■ **Task to complete**
Go to the line holding "rewrite <- (grp_inv_l" in the entries below and write out exactly every line down to and including the line holding "destruct (U_cover _".

■ **Material for this task**
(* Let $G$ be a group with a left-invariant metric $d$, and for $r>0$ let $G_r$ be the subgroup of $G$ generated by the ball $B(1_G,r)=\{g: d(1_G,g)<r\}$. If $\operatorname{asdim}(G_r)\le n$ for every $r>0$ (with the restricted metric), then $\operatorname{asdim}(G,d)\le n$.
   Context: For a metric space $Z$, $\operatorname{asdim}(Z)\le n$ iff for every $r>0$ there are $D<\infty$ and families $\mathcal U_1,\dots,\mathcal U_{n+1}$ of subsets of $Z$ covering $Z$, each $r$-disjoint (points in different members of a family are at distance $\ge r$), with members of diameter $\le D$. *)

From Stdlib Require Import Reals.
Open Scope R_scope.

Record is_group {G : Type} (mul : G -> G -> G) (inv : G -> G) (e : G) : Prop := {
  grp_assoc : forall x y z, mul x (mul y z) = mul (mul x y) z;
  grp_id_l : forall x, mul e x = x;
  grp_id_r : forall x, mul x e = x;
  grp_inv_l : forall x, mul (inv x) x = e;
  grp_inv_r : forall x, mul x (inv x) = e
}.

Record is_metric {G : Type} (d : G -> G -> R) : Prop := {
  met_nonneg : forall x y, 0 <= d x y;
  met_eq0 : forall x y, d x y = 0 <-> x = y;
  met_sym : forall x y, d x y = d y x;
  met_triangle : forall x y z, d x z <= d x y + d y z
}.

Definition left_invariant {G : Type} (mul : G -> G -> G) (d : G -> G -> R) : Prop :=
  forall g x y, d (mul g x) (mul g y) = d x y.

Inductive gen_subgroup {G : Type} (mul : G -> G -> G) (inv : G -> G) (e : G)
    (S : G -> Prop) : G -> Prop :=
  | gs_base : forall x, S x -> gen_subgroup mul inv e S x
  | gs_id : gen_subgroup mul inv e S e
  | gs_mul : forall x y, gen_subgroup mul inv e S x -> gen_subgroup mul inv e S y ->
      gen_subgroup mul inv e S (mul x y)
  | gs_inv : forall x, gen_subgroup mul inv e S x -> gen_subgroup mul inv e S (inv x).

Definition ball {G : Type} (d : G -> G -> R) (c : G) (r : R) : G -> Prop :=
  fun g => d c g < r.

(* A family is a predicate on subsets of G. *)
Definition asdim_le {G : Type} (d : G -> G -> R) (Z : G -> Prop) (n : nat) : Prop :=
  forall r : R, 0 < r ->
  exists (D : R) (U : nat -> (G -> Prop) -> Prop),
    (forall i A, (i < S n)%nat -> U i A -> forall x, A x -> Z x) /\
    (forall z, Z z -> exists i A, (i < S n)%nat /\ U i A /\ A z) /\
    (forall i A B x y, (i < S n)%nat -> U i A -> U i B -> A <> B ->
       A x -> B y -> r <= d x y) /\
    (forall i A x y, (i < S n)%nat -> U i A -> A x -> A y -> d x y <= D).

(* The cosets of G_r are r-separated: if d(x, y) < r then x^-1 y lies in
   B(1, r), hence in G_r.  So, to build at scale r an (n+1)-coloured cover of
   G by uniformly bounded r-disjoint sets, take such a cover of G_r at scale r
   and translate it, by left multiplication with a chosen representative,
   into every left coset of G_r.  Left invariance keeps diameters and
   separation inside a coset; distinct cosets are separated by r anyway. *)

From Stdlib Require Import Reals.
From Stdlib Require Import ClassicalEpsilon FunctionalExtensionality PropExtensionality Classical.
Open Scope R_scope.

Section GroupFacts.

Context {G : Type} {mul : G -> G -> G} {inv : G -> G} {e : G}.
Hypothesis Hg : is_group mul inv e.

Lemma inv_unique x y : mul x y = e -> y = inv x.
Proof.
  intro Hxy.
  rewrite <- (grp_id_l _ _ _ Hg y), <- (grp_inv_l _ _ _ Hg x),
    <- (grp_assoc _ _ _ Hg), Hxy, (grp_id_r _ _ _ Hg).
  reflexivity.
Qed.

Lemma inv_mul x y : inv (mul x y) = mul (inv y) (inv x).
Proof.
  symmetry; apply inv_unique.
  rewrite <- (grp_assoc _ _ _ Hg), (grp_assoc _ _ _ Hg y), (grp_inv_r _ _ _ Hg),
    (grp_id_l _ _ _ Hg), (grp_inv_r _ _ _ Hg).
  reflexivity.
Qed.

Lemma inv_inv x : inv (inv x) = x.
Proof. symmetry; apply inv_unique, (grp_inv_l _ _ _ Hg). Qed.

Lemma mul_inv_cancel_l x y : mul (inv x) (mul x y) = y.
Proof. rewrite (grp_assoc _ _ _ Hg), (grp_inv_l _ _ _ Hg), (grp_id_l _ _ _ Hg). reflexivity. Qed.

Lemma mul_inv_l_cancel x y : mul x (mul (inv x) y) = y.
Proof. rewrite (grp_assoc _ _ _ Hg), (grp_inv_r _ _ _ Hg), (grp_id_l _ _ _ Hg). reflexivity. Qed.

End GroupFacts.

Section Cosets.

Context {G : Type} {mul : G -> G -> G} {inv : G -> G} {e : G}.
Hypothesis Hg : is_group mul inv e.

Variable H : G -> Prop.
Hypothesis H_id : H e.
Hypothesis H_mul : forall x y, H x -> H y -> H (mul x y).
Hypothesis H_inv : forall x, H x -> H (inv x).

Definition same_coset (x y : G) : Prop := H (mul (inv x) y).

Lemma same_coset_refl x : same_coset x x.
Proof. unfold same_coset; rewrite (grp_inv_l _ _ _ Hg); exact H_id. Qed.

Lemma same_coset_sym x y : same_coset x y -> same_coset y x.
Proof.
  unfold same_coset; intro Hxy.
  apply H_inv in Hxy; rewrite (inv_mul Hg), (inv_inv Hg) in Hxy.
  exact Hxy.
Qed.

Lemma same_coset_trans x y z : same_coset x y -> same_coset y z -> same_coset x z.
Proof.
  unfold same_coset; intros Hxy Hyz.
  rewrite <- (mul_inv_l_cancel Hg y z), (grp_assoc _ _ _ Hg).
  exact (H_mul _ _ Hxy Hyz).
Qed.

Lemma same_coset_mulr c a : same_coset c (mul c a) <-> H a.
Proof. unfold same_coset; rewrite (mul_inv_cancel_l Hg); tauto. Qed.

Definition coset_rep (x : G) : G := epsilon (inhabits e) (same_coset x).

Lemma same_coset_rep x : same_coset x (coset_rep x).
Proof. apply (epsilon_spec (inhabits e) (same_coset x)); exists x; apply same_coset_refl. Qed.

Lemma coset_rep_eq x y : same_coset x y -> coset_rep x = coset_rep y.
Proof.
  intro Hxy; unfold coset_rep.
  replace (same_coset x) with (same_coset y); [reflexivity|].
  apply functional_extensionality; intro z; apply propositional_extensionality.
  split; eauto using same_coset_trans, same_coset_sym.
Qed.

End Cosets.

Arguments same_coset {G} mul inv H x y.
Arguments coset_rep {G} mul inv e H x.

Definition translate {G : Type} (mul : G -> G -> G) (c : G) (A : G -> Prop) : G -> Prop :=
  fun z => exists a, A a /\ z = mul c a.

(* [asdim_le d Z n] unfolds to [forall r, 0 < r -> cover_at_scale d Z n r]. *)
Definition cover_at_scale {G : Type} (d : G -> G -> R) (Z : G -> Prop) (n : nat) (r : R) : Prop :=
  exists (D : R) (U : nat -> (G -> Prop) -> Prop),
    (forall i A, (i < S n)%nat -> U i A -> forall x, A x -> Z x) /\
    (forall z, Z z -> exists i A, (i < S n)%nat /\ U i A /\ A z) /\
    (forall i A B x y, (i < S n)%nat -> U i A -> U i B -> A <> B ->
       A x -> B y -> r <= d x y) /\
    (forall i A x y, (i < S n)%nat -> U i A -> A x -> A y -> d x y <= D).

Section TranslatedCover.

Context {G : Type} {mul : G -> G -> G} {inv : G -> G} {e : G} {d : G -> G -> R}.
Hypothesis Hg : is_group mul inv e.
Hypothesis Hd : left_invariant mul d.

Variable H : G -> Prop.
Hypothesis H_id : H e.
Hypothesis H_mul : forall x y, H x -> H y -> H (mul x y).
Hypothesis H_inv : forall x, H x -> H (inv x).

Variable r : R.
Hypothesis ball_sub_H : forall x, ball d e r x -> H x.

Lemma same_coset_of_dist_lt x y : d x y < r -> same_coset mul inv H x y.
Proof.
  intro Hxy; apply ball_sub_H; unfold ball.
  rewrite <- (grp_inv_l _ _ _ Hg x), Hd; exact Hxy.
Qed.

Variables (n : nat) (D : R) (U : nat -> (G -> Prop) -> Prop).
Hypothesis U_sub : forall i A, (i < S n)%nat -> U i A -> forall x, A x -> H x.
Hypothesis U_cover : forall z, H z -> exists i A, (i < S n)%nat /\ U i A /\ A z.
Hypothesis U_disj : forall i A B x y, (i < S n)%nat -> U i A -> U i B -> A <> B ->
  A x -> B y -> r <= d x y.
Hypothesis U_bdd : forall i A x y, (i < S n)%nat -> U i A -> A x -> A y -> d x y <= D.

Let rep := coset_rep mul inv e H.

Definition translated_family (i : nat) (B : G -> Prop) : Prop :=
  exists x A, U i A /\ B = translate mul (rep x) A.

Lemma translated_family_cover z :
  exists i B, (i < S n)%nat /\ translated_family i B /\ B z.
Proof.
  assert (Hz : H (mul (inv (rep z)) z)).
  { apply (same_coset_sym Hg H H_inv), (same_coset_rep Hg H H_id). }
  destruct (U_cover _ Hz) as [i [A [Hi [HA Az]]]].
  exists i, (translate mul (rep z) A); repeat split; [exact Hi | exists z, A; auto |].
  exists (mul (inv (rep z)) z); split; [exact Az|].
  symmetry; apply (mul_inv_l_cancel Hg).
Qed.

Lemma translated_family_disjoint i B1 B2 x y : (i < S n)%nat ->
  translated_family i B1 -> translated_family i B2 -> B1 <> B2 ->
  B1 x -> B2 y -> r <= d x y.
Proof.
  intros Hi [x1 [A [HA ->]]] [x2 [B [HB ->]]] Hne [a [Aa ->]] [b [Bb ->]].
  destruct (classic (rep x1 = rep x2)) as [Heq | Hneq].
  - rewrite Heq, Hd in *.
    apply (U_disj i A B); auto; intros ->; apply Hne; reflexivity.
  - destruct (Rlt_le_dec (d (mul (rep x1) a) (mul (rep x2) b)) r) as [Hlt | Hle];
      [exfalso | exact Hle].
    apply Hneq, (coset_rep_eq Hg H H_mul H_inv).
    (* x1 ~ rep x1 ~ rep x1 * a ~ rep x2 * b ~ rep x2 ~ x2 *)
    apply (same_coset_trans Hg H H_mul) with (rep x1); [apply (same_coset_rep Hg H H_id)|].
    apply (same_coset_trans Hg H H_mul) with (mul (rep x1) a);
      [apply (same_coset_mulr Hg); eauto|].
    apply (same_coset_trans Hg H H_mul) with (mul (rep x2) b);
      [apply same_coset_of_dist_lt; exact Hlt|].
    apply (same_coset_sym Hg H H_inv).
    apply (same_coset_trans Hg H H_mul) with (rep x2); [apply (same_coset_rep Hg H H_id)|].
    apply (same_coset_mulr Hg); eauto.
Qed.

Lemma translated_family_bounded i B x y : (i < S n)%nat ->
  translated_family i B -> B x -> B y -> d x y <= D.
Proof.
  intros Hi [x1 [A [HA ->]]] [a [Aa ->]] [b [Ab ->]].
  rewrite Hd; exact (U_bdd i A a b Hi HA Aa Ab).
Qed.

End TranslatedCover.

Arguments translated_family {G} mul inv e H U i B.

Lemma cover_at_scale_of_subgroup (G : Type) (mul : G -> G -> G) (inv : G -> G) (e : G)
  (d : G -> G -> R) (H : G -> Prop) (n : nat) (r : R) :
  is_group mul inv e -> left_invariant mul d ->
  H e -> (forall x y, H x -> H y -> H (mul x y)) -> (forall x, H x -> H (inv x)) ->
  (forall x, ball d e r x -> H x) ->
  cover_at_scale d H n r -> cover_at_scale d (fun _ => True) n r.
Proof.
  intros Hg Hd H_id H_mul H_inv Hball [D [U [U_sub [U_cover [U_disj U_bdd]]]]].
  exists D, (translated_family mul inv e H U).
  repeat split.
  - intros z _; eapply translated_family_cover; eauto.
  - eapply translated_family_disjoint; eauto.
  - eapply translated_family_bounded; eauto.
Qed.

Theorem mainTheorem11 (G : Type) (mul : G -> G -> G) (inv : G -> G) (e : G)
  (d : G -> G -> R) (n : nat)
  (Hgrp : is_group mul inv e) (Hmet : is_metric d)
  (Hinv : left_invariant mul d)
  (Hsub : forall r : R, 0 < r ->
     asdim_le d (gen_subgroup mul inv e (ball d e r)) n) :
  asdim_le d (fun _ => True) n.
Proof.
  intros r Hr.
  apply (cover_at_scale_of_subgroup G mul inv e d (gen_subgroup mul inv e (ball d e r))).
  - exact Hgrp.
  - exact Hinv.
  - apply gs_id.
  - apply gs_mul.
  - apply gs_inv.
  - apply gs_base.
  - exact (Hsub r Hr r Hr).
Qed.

--

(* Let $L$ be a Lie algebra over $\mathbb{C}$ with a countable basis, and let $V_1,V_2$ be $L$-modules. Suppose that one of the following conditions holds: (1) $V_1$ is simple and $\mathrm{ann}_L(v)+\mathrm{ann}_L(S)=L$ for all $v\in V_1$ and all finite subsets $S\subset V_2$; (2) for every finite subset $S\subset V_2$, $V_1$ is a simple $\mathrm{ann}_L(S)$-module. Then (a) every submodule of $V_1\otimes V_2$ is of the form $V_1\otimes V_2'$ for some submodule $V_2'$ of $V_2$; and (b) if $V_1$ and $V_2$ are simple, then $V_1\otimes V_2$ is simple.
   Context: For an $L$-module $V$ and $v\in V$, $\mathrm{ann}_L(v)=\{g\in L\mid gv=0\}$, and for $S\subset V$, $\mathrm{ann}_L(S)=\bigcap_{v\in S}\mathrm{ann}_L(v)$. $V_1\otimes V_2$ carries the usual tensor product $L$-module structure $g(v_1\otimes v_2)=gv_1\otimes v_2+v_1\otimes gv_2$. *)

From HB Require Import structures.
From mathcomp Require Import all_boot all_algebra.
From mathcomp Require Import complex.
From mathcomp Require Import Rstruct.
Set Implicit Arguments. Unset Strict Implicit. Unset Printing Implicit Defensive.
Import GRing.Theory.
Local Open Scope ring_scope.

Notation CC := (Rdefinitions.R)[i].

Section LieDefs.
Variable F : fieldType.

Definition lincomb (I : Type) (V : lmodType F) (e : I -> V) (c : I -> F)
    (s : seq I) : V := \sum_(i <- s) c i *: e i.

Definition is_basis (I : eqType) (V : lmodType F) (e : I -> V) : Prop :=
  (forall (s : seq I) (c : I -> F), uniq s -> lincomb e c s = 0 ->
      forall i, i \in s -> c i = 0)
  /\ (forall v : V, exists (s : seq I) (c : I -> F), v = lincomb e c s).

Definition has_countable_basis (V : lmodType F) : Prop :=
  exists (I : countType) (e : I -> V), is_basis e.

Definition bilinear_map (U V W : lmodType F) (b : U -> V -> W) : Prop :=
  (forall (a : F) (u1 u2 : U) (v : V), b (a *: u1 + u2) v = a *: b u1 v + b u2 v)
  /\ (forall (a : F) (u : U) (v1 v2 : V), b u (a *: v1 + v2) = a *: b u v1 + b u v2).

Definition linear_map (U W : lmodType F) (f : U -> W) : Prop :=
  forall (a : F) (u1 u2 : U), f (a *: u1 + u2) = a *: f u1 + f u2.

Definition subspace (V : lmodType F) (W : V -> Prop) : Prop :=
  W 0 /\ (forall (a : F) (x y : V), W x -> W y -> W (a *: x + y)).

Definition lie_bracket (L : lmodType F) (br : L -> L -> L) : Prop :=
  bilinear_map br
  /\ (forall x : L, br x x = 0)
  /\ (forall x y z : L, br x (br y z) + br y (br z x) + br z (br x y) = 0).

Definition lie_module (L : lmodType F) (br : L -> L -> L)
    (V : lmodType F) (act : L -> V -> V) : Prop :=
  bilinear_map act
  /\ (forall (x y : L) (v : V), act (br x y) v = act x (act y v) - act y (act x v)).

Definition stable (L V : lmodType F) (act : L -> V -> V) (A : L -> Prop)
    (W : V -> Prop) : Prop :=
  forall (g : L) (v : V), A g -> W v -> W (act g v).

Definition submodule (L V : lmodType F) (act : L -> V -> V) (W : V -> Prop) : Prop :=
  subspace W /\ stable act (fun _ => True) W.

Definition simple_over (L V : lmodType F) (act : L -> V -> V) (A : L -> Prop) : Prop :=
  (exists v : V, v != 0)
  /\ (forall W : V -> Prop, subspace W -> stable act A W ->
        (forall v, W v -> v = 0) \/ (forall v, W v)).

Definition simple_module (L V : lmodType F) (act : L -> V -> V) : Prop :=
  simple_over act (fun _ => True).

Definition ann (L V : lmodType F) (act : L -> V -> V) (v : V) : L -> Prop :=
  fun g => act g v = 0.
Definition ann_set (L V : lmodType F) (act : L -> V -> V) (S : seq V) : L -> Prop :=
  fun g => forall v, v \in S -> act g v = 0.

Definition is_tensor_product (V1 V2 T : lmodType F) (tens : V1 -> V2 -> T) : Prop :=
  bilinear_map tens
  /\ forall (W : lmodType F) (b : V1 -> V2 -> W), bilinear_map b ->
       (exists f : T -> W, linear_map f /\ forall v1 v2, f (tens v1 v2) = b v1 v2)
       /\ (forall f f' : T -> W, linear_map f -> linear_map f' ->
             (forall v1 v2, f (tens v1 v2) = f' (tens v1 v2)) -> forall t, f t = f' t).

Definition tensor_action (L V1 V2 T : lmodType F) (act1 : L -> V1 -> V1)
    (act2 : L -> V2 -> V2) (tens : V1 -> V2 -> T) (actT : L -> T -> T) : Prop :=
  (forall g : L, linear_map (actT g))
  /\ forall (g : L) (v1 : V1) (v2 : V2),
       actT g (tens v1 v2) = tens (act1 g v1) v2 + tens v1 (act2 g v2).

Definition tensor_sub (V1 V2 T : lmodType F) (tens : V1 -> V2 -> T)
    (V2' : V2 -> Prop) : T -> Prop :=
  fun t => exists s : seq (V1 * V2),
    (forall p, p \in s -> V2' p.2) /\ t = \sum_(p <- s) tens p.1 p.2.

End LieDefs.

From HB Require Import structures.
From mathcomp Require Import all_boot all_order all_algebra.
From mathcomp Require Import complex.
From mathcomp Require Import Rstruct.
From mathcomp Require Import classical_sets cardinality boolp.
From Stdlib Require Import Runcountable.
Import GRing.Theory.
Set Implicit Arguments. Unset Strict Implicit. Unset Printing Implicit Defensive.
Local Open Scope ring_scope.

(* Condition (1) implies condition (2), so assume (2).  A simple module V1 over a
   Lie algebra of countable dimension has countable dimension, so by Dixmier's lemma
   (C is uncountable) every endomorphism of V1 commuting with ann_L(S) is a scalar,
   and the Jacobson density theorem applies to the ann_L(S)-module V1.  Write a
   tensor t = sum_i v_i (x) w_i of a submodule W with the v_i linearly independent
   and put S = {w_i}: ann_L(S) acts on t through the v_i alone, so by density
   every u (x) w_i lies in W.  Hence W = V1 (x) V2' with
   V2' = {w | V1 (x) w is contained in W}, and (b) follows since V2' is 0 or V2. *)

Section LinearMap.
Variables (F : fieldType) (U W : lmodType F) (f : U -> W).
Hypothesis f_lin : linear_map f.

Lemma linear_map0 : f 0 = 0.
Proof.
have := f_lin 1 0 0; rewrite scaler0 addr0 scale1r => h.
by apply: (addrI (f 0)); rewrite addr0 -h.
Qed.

* * *

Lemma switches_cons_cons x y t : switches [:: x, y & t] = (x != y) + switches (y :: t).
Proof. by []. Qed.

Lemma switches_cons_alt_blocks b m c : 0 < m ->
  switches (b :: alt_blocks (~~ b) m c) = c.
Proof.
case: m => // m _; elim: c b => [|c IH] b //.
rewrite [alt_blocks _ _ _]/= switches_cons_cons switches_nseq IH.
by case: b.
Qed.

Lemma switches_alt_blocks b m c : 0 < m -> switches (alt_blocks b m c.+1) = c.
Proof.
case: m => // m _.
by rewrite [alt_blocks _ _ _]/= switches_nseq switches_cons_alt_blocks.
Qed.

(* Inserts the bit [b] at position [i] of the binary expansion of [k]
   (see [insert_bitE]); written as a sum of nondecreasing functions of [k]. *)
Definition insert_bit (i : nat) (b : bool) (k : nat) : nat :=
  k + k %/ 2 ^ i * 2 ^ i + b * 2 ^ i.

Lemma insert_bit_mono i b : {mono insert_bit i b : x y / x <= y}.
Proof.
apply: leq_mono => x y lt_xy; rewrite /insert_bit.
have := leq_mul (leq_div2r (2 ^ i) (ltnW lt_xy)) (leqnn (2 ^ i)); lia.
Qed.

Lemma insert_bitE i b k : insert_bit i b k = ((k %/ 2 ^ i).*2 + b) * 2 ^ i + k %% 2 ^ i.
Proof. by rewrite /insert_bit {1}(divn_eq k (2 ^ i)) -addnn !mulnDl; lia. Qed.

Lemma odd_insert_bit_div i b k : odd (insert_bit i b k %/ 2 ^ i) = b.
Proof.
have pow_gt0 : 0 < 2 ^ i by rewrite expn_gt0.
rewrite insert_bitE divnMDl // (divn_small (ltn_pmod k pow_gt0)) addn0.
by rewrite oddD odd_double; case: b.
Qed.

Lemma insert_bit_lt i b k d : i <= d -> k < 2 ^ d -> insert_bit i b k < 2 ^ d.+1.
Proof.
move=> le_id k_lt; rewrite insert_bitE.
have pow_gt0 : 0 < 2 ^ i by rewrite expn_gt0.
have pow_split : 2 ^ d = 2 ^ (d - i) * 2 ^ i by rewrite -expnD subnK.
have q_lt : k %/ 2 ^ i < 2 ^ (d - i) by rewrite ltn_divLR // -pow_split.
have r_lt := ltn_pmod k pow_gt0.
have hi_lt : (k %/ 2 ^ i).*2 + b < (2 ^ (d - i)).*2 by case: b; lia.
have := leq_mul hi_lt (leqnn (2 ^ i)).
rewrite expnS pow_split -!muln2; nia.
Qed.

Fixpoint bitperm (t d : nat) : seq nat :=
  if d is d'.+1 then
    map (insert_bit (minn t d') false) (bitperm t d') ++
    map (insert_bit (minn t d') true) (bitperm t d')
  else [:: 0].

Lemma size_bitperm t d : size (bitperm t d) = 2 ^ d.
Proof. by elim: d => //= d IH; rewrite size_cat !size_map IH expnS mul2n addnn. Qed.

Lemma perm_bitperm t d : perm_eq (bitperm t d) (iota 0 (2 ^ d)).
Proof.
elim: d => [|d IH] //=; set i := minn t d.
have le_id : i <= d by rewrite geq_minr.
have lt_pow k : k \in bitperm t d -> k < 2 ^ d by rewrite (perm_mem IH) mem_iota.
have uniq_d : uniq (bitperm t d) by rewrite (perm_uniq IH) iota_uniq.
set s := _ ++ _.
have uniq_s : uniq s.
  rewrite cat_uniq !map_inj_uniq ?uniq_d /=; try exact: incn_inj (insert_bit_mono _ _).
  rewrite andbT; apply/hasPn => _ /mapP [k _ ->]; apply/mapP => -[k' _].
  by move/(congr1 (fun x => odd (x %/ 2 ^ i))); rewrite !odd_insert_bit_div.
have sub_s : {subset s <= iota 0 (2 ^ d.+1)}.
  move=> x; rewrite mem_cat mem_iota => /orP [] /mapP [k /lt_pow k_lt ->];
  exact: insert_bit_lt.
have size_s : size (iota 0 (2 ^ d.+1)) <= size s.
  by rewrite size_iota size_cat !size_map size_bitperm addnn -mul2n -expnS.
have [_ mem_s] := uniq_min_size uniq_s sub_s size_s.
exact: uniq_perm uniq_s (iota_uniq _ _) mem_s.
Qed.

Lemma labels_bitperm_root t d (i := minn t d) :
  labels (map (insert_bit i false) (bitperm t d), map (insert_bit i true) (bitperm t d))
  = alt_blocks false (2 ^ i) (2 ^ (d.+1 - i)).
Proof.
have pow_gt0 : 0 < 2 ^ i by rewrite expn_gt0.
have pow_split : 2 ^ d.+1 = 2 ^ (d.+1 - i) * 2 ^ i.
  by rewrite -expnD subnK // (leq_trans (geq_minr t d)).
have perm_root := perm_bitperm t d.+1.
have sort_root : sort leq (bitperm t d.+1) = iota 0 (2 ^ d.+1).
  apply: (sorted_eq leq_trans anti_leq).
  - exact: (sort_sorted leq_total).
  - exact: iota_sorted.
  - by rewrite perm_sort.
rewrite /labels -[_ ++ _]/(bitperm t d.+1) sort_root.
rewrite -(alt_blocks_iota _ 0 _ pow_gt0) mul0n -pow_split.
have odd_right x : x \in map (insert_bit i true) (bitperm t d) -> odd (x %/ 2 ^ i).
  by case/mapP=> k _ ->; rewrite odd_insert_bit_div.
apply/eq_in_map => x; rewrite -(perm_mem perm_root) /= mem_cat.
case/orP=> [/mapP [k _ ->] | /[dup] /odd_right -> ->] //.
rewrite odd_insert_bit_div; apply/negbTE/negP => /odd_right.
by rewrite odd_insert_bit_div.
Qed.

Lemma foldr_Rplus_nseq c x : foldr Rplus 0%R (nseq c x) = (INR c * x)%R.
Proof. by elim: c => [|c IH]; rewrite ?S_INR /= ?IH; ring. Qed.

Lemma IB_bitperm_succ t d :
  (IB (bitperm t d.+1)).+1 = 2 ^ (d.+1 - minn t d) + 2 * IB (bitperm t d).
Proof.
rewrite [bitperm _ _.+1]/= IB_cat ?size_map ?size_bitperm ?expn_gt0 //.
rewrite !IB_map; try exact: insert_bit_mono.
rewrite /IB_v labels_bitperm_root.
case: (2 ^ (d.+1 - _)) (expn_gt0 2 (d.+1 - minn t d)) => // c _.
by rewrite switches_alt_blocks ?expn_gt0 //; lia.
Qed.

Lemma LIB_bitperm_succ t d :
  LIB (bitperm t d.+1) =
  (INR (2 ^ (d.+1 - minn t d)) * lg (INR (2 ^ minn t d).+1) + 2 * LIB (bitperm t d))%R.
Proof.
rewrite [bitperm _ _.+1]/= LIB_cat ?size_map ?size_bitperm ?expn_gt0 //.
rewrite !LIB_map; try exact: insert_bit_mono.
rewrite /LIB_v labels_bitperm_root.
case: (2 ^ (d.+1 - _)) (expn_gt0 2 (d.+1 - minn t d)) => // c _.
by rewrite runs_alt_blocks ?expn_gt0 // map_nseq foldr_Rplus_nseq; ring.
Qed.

■ **Response**
  rewrite <- (grp_inv_l _ _ _ Hg x), Hd; exact Hxy.
Qed.

Variables (n : nat) (D : R) (U : nat -> (G -> Prop) -> Prop).
Hypothesis U_sub : forall i A, (i < S n)%nat -> U i A -> forall x, A x -> H x.
Hypothesis U_cover : forall z, H z -> exists i A, (i < S n)%nat /\ U i A /\ A z.
Hypothesis U_disj : forall i A B x y, (i < S n)%nat -> U i A -> U i B -> A <> B ->
  A x -> B y -> r <= d x y.
Hypothesis U_bdd : forall i A x y, (i < S n)%nat -> U i A -> A x -> A y -> d x y <= D.

Let rep := coset_rep mul inv e H.

Definition translated_family (i : nat) (B : G -> Prop) : Prop :=
  exists x A, U i A /\ B = translate mul (rep x) A.

Lemma translated_family_cover z :
  exists i B, (i < S n)%nat /\ translated_family i B /\ B z.
Proof.
  assert (Hz : H (mul (inv (rep z)) z)).
  { apply (same_coset_sym Hg H H_inv), (same_coset_rep Hg H H_id). }
  destruct (U_cover _ Hz) as [i [A [Hi [HA Az]]]].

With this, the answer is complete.